- _What you will do_:
Search the entries for the word "Hpos" and return every line where it is found.

Saved entries
★ ★ ★ ★ ★ ★ ★

(* The group $\mathbb{Z}^\omega$ is the union of a Haar null set and a Haar meager set.
   Context: $\mathbb{Z}^\omega$ is the abelian Polish group of all integer sequences with coordinatewise addition and the product topology (discrete topology on $\mathbb{Z}$). For an abelian Polish group $G$: a set $A\subseteq G$ is Haar null if there exist a Borel set $B\supseteq A$ and a Borel probability measure $\mu$ on $G$ with $\mu(x+B)=0$ for every $x\in G$; a set $A\subseteq G$ is Haar meager if there exist a Borel set $B\supseteq A$, a compact metric space $K$ and a continuous map $f\colon K\to G$ such that $f^{-1}(x+B)$ is meager in $K$ for every $x\in G$. *)

From Stdlib Require Import Reals ZArith List.
Open Scope R_scope.

Definition Zomega : Type := nat -> Z.

Definition zadd (x y : Zomega) : Zomega := fun i => (x i + y i)%Z.
Definition zsub (x y : Zomega) : Zomega := fun i => (x i - y i)%Z.

Definition translate (x : Zomega) (B : Zomega -> Prop) : Zomega -> Prop :=
  fun y => B (zsub y x).

(** Open sets of the product topology: basic open sets are cylinders
    determined by finitely many (initial) coordinates. *)
Definition zopen (U : Zomega -> Prop) : Prop :=
  forall x, U x -> exists n : nat,
    forall y, (forall i, (i < n)%nat -> y i = x i) -> U y.

Definition sigma_algebra (S : (Zomega -> Prop) -> Prop) : Prop :=
  S (fun _ => True) /\
  (forall A, S A -> S (fun x => ~ A x)) /\
  (forall A : nat -> Zomega -> Prop, (forall n, S (A n)) ->
     S (fun x => exists n, A n x)).

Definition borel (B : Zomega -> Prop) : Prop :=
  forall S : (Zomega -> Prop) -> Prop,
    sigma_algebra S -> (forall U, zopen U -> S U) -> S B.

(** Borel probability measures (values of mu outside Borel sets irrelevant) *)
Definition borel_prob_measure (mu : (Zomega -> Prop) -> R) : Prop :=
  (forall B, borel B -> 0 <= mu B) /\
  mu (fun _ => True) = 1 /\
  (forall A : nat -> Zomega -> Prop,
     (forall n, borel (A n)) ->
     (forall m n x, m <> n -> A m x -> A n x -> False) ->
     infinite_sum (fun n => mu (A n)) (mu (fun x => exists n, A n x))).

Definition haar_null (A : Zomega -> Prop) : Prop :=
  exists B : Zomega -> Prop,
    borel B /\ (forall x, A x -> B x) /\
    exists mu, borel_prob_measure mu /\
      forall x : Zomega, mu (translate x B) = 0.

Definition is_metric {K : Type} (d : K -> K -> R) : Prop :=
  (forall x y, 0 <= d x y) /\
  (forall x y, d x y = 0 <-> x = y) /\
  (forall x y, d x y = d y x) /\
  (forall x y z, d x z <= d x y + d y z).

Definition mopen {K : Type} (d : K -> K -> R) (U : K -> Prop) : Prop :=
  forall x, U x -> exists r, 0 < r /\ forall y, d x y < r -> U y.

Definition mcompact {K : Type} (d : K -> K -> R) : Prop :=
  forall (I : Type) (U : I -> K -> Prop),
    (forall i, mopen d (U i)) ->
    (forall k, exists i, U i k) ->
    exists l : list I, forall k, exists i, In i l /\ U i k.

Definition mcontinuous {K : Type} (d : K -> K -> R) (f : K -> Zomega) : Prop :=
  forall U, zopen U -> mopen d (fun k => U (f k)).

Definition nowhere_dense {K : Type} (d : K -> K -> R) (N : K -> Prop) : Prop :=
  forall U, mopen d U -> (exists k, U k) ->
    exists V, mopen d V /\ (exists k, V k) /\
      (forall k, V k -> U k) /\ (forall k, V k -> ~ N k).

Definition meager {K : Type} (d : K -> K -> R) (M : K -> Prop) : Prop :=
  exists N : nat -> K -> Prop,
    (forall n, nowhere_dense d (N n)) /\
    (forall k, M k -> exists n, N n k).

Definition haar_meager (A : Zomega -> Prop) : Prop :=
  exists B : Zomega -> Prop,
    borel B /\ (forall x, A x -> B x) /\
    exists (K : Type) (d : K -> K -> R) (f : K -> Zomega),
      is_metric d /\ mcompact d /\ inhabited K /\ mcontinuous d f /\
      forall x : Zomega, meager d (fun k => translate x B (f k)).

From Pilot Require Import Defs.
From Stdlib Require Import Reals ZArith Arith List Lia Lra.
From Stdlib Require Import Classical ClassicalEpsilon FunctionalExtensionality PropExtensionality.
Open Scope R_scope.

(* Let A be the set of sequences y with y n = 0 (mod 2^n) for infinitely many n;
   Z^omega is the union of A and its complement.

   A is Haar null: push Lebesgue measure on [0,1) forward by t |-> (floor (2^n t))_n.
   As floor (2^n t) lies in [0, 2^n), the preimage of x + A consists of the t lying,
   for infinitely many n, in the dyadic interval of level n indexed by x n mod 2^n;
   these intervals have lengths 2^-n, so this is a null set by Borel-Cantelli.

   The complement of A is Haar meager: map the Cantor space to Z^omega by sending k
   to the sequence f(k) whose n-th term counts the ones of k in the block
   [2^n, 2^(n+1)). Changing k only beyond a given position can still give f(k) n any
   value in [0, 2^n] for all large n, so for each x and N the set of k with
   f(k) n - x n <> 0 (mod 2^n) for all n >= N is nowhere dense; the preimage of the
   translate of the complement of A by x is the union of these sets over N. *)

Lemma borel_open U : zopen U -> borel U.
Proof. intros HU S _ HS. auto. Qed.

Lemma borel_compl A : borel A -> borel (fun x => ~ A x).
Proof. intros HA S HS HO. apply (proj1 (proj2 HS)), HA; assumption. Qed.

Lemma borel_exists (A : nat -> Zomega -> Prop) :
  (forall n, borel (A n)) -> borel (fun x => exists n, A n x).
Proof. intros HA S HS HO. apply (proj2 (proj2 HS)). intro n. apply HA; assumption. Qed.

Lemma borel_forall (A : nat -> Zomega -> Prop) :
  (forall n, borel (A n)) -> borel (fun x => forall n, A n x).
Proof.
  intros HA. replace (fun x => forall n, A n x) with (fun x => ~ exists n, ~ A n x).
  - apply borel_compl, borel_exists. intro n. apply borel_compl, HA.
  - apply functional_extensionality. intro x. apply propositional_extensionality.
    split; [intros H n; apply NNPP; eauto | intros H [n Hn]; auto].
Qed.

Lemma zopen_coord n (P : Z -> Prop) : zopen (fun y => P (y n)).
Proof. intros x Hx. exists (S n). intros y Hy. rewrite Hy; auto. Qed.

Lemma zopen_translate x U : zopen U -> zopen (translate x U).
Proof.
  intros HU y Hy. destruct (HU _ Hy) as [n Hn]. exists n. intros z Hz.
  apply Hn. intros i Hi. unfold zsub. rewrite Hz; auto.
Qed.

Lemma borel_translate x B : borel B -> borel (translate x B).
Proof.
  intros HB S [HT [HC HU]] HO. apply (HB (fun B => S (translate x B))).
  - split; [exact HT | split; [intros A; apply HC | intros A; apply HU]].
  - intros U HU'. apply HO, zopen_translate, HU'.
Qed.

Definition pow2Z (n : nat) : Z := Z.of_nat (2 ^ n).

Lemma pow2Z_pos n : (0 < pow2Z n)%Z.
Proof. unfold pow2Z. pose proof (Nat.pow_nonzero 2 n). lia. Qed.

Definition io_divisible (y : Zomega) : Prop :=
  forall N, exists n, (N <= n)%nat /\ (y n mod pow2Z n = 0)%Z.

Lemma borel_io_divisible : borel io_divisible.
Proof.
  apply borel_forall. intro N. apply borel_exists. intro n. apply borel_open.
  exact (zopen_coord n (fun z => (N <= n)%nat /\ (z mod pow2Z n = 0)%Z)).
Qed.

Lemma half_pow_pos n : 0 < (/2) ^ n.
Proof. apply pow_lt. lra. Qed.

Lemma half_pow_lt_iff m p : (/2) ^ p < (/2) ^ m <-> (m < p)%nat.
Proof.
  assert (Hpos : forall n, 0 < 2 ^ n) by (intro; apply pow_lt; lra).
  rewrite !pow_inv. split.
  - intros H. destruct (Nat.lt_ge_cases m p) as [|Hpm]; auto.
    assert (Hle : 2 ^ p <= 2 ^ m) by (apply Rle_pow; [lra | exact Hpm]).
    pose proof (Rinv_le_contravar _ _ (Hpos p) Hle). lra.
  - intros Hmp. apply Rinv_lt_contravar.
    + apply Rmult_lt_0_compat; apply Hpos.
    + apply Rlt_pow; [lra | exact Hmp].
Qed.

Lemma half_pow_small r : 0 < r -> exists m, (/2) ^ m < r.
Proof.
  intros Hr. destruct (pow_lt_1_zero (/2)) with (y := r) as [m Hm]; auto.
  { rewrite Rabs_right; lra. }
  exists m. specialize (Hm m (le_n _)). rewrite Rabs_right in Hm; auto.
  left; apply half_pow_pos.
Qed.

Definition cantor : Type := nat -> bool.

Definition first_diff_at (a b : cantor) (p : nat) : Prop :=
  a p <> b p /\ forall i, (i < p)%nat -> a i = b i.

Lemma first_diff_exists a b : a <> b -> exists p, first_diff_at a b p.
Proof.
  intros Hab.
  assert (Hdiff : exists n, a n <> b n).
  { apply NNPP. intros H. apply Hab, functional_extensionality. intro n.
    apply NNPP. eauto. }
  destruct (dec_inh_nat_subset_has_unique_least_element (fun n => a n <> b n))
    as [p [[Hp Hleast] _]]; auto.
  { intro n. destruct (Bool.bool_dec (a n) (b n)); auto. }
  exists p. split; auto. intros i Hi. apply NNPP. intros H. specialize (Hleast i H). lia.
Qed.

Lemma first_diff_unique a b p q : first_diff_at a b p -> first_diff_at a b q -> p = q.
Proof.
  intros [Hp Hbp] [Hq Hbq].
  destruct (Nat.lt_total p q) as [h|[h|h]]; auto; exfalso; auto.
Qed.

Definition first_diff (a b : cantor) : nat := epsilon (inhabits 0%nat) (first_diff_at a b).

Lemma first_diff_spec a b : a <> b -> first_diff_at a b (first_diff a b).
Proof. intros Hab. unfold first_diff. apply epsilon_spec, first_diff_exists, Hab. Qed.

Definition cantor_dist (a b : cantor) : R :=
  if excluded_middle_informative (a = b) then 0 else (/2) ^ first_diff a b.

★ ★ ★ ★ ★ ★ ★

- _Task response_:
  assert (Hpos : forall n, 0 < 2 ^ n) by (intro; apply pow_lt; lra).
    pose proof (Rinv_le_contravar _ _ (Hpos p) Hle). lra.
    + apply Rmult_lt_0_compat; apply Hpos.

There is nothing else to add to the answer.